### EXERCISE DETAILS
Return every entry exactly.

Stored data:
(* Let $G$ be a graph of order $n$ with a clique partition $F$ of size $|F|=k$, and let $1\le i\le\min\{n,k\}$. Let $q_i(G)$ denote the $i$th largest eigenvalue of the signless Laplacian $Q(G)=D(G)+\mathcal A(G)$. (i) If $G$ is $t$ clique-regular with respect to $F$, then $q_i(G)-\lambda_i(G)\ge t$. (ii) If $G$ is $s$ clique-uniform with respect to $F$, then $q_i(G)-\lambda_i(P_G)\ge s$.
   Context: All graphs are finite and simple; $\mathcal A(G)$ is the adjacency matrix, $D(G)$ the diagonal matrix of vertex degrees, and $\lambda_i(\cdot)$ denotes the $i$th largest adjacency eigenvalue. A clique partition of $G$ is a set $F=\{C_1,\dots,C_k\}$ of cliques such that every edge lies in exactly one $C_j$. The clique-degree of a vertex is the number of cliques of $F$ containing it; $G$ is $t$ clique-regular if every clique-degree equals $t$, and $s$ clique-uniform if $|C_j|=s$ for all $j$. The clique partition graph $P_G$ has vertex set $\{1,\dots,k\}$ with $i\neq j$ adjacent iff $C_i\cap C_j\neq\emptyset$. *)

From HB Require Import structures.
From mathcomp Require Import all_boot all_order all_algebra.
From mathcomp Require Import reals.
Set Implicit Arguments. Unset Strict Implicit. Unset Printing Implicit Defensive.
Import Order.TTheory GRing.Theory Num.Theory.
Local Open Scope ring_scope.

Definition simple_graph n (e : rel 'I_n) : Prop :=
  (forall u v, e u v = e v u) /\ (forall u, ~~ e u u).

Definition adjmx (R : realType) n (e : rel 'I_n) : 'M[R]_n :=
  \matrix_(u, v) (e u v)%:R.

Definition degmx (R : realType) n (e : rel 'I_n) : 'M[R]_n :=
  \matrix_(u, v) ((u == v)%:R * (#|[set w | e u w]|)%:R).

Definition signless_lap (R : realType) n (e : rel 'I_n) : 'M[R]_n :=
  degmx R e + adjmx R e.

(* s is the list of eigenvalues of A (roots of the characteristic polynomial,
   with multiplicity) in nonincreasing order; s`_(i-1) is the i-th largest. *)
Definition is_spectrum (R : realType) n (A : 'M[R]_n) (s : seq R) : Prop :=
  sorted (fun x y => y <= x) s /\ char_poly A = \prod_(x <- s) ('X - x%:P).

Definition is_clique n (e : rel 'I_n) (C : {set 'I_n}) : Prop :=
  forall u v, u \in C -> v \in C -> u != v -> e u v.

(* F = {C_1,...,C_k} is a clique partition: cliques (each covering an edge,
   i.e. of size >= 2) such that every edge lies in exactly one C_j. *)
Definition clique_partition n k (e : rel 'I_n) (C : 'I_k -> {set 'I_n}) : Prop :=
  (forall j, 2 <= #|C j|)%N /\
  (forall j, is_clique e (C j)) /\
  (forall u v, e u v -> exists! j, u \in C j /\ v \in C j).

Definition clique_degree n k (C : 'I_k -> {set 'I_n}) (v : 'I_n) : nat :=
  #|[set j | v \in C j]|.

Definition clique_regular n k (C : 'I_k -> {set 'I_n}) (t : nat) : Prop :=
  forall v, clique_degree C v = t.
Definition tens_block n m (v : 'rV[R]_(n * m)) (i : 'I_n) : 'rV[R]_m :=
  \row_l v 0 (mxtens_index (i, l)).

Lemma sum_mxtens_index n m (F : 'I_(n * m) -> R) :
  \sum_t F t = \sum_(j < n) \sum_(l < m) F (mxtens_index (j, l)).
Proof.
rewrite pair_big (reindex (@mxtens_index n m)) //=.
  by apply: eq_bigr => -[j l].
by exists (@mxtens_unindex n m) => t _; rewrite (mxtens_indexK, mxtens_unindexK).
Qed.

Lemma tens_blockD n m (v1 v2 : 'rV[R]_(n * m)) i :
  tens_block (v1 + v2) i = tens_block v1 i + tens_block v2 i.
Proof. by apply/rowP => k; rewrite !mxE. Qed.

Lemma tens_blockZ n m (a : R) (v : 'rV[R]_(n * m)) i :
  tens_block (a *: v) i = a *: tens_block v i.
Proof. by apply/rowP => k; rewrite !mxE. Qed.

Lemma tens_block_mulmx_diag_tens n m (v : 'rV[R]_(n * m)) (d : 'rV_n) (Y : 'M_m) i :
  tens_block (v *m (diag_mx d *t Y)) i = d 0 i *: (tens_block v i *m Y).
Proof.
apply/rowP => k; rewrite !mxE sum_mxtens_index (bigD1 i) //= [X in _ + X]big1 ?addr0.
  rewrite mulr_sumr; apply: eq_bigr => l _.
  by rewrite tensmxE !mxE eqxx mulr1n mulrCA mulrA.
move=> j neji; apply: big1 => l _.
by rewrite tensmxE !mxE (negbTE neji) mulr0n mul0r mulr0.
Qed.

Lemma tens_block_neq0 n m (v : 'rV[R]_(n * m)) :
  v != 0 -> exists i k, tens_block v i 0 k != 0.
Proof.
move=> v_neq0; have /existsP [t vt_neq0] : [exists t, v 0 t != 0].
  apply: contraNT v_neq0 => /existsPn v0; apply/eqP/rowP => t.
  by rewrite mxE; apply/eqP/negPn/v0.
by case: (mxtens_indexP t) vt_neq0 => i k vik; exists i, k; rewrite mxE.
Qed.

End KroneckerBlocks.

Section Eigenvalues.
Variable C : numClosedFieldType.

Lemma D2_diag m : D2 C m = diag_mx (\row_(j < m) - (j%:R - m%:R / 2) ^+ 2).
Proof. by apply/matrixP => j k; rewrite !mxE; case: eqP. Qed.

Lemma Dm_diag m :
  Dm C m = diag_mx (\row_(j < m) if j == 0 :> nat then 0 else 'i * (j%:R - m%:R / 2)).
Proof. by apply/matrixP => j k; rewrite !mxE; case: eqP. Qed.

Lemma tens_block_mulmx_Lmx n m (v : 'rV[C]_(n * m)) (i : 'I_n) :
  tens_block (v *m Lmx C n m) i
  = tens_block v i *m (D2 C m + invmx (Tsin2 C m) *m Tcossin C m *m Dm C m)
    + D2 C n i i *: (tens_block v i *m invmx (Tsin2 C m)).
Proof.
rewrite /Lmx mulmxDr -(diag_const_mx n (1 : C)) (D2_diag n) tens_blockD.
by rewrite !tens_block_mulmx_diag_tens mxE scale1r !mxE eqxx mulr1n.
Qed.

### TASK RESPONSE
(* Let $G$ be a graph of order $n$ with a clique partition $F$ of size $|F|=k$, and let $1\le i\le\min\{n,k\}$. Let $q_i(G)$ denote the $i$th largest eigenvalue of the signless Laplacian $Q(G)=D(G)+\mathcal A(G)$. (i) If $G$ is $t$ clique-regular with respect to $F$, then $q_i(G)-\lambda_i(G)\ge t$. (ii) If $G$ is $s$ clique-uniform with respect to $F$, then $q_i(G)-\lambda_i(P_G)\ge s$.
   Context: All graphs are finite and simple; $\mathcal A(G)$ is the adjacency matrix, $D(G)$ the diagonal matrix of vertex degrees, and $\lambda_i(\cdot)$ denotes the $i$th largest adjacency eigenvalue. A clique partition of $G$ is a set $F=\{C_1,\dots,C_k\}$ of cliques such that every edge lies in exactly one $C_j$. The clique-degree of a vertex is the number of cliques of $F$ containing it; $G$ is $t$ clique-regular if every clique-degree equals $t$, and $s$ clique-uniform if $|C_j|=s$ for all $j$. The clique partition graph $P_G$ has vertex set $\{1,\dots,k\}$ with $i\neq j$ adjacent iff $C_i\cap C_j\neq\emptyset$. *)

From HB Require Import structures.
From mathcomp Require Import all_boot all_order all_algebra.
From mathcomp Require Import reals.
Set Implicit Arguments. Unset Strict Implicit. Unset Printing Implicit Defensive.
Import Order.TTheory GRing.Theory Num.Theory.
Local Open Scope ring_scope.

Definition simple_graph n (e : rel 'I_n) : Prop :=
  (forall u v, e u v = e v u) /\ (forall u, ~~ e u u).

Definition adjmx (R : realType) n (e : rel 'I_n) : 'M[R]_n :=
  \matrix_(u, v) (e u v)%:R.

Definition degmx (R : realType) n (e : rel 'I_n) : 'M[R]_n :=
  \matrix_(u, v) ((u == v)%:R * (#|[set w | e u w]|)%:R).

Definition signless_lap (R : realType) n (e : rel 'I_n) : 'M[R]_n :=
  degmx R e + adjmx R e.

(* s is the list of eigenvalues of A (roots of the characteristic polynomial,
   with multiplicity) in nonincreasing order; s`_(i-1) is the i-th largest. *)
Definition is_spectrum (R : realType) n (A : 'M[R]_n) (s : seq R) : Prop :=
  sorted (fun x y => y <= x) s /\ char_poly A = \prod_(x <- s) ('X - x%:P).

Definition is_clique n (e : rel 'I_n) (C : {set 'I_n}) : Prop :=
  forall u v, u \in C -> v \in C -> u != v -> e u v.

(* F = {C_1,...,C_k} is a clique partition: cliques (each covering an edge,
   i.e. of size >= 2) such that every edge lies in exactly one C_j. *)
Definition clique_partition n k (e : rel 'I_n) (C : 'I_k -> {set 'I_n}) : Prop :=
  (forall j, 2 <= #|C j|)%N /\
  (forall j, is_clique e (C j)) /\
  (forall u v, e u v -> exists! j, u \in C j /\ v \in C j).

Definition clique_degree n k (C : 'I_k -> {set 'I_n}) (v : 'I_n) : nat :=
  #|[set j | v \in C j]|.

Definition clique_regular n k (C : 'I_k -> {set 'I_n}) (t : nat) : Prop :=
  forall v, clique_degree C v = t.
Definition tens_block n m (v : 'rV[R]_(n * m)) (i : 'I_n) : 'rV[R]_m :=
  \row_l v 0 (mxtens_index (i, l)).

Lemma sum_mxtens_index n m (F : 'I_(n * m) -> R) :
  \sum_t F t = \sum_(j < n) \sum_(l < m) F (mxtens_index (j, l)).
Proof.
rewrite pair_big (reindex (@mxtens_index n m)) //=.
  by apply: eq_bigr => -[j l].
by exists (@mxtens_unindex n m) => t _; rewrite (mxtens_indexK, mxtens_unindexK).
Qed.

Lemma tens_blockD n m (v1 v2 : 'rV[R]_(n * m)) i :
  tens_block (v1 + v2) i = tens_block v1 i + tens_block v2 i.
Proof. by apply/rowP => k; rewrite !mxE. Qed.

Lemma tens_blockZ n m (a : R) (v : 'rV[R]_(n * m)) i :
  tens_block (a *: v) i = a *: tens_block v i.
Proof. by apply/rowP => k; rewrite !mxE. Qed.

Lemma tens_block_mulmx_diag_tens n m (v : 'rV[R]_(n * m)) (d : 'rV_n) (Y : 'M_m) i :
  tens_block (v *m (diag_mx d *t Y)) i = d 0 i *: (tens_block v i *m Y).
Proof.
apply/rowP => k; rewrite !mxE sum_mxtens_index (bigD1 i) //= [X in _ + X]big1 ?addr0.
  rewrite mulr_sumr; apply: eq_bigr => l _.
  by rewrite tensmxE !mxE eqxx mulr1n mulrCA mulrA.
move=> j neji; apply: big1 => l _.
by rewrite tensmxE !mxE (negbTE neji) mulr0n mul0r mulr0.
Qed.

Lemma tens_block_neq0 n m (v : 'rV[R]_(n * m)) :
  v != 0 -> exists i k, tens_block v i 0 k != 0.
Proof.
move=> v_neq0; have /existsP [t vt_neq0] : [exists t, v 0 t != 0].
  apply: contraNT v_neq0 => /existsPn v0; apply/eqP/rowP => t.
  by rewrite mxE; apply/eqP/negPn/v0.
by case: (mxtens_indexP t) vt_neq0 => i k vik; exists i, k; rewrite mxE.
Qed.

End KroneckerBlocks.

Section Eigenvalues.
Variable C : numClosedFieldType.

Lemma D2_diag m : D2 C m = diag_mx (\row_(j < m) - (j%:R - m%:R / 2) ^+ 2).
Proof. by apply/matrixP => j k; rewrite !mxE; case: eqP. Qed.

Lemma Dm_diag m :
  Dm C m = diag_mx (\row_(j < m) if j == 0 :> nat then 0 else 'i * (j%:R - m%:R / 2)).
Proof. by apply/matrixP => j k; rewrite !mxE; case: eqP. Qed.

Lemma tens_block_mulmx_Lmx n m (v : 'rV[C]_(n * m)) (i : 'I_n) :
  tens_block (v *m Lmx C n m) i
  = tens_block v i *m (D2 C m + invmx (Tsin2 C m) *m Tcossin C m *m Dm C m)
    + D2 C n i i *: (tens_block v i *m invmx (Tsin2 C m)).
Proof.
rewrite /Lmx mulmxDr -(diag_const_mx n (1 : C)) (D2_diag n) tens_blockD.
by rewrite !tens_block_mulmx_diag_tens mxE scale1r !mxE eqxx mulr1n.
Qed.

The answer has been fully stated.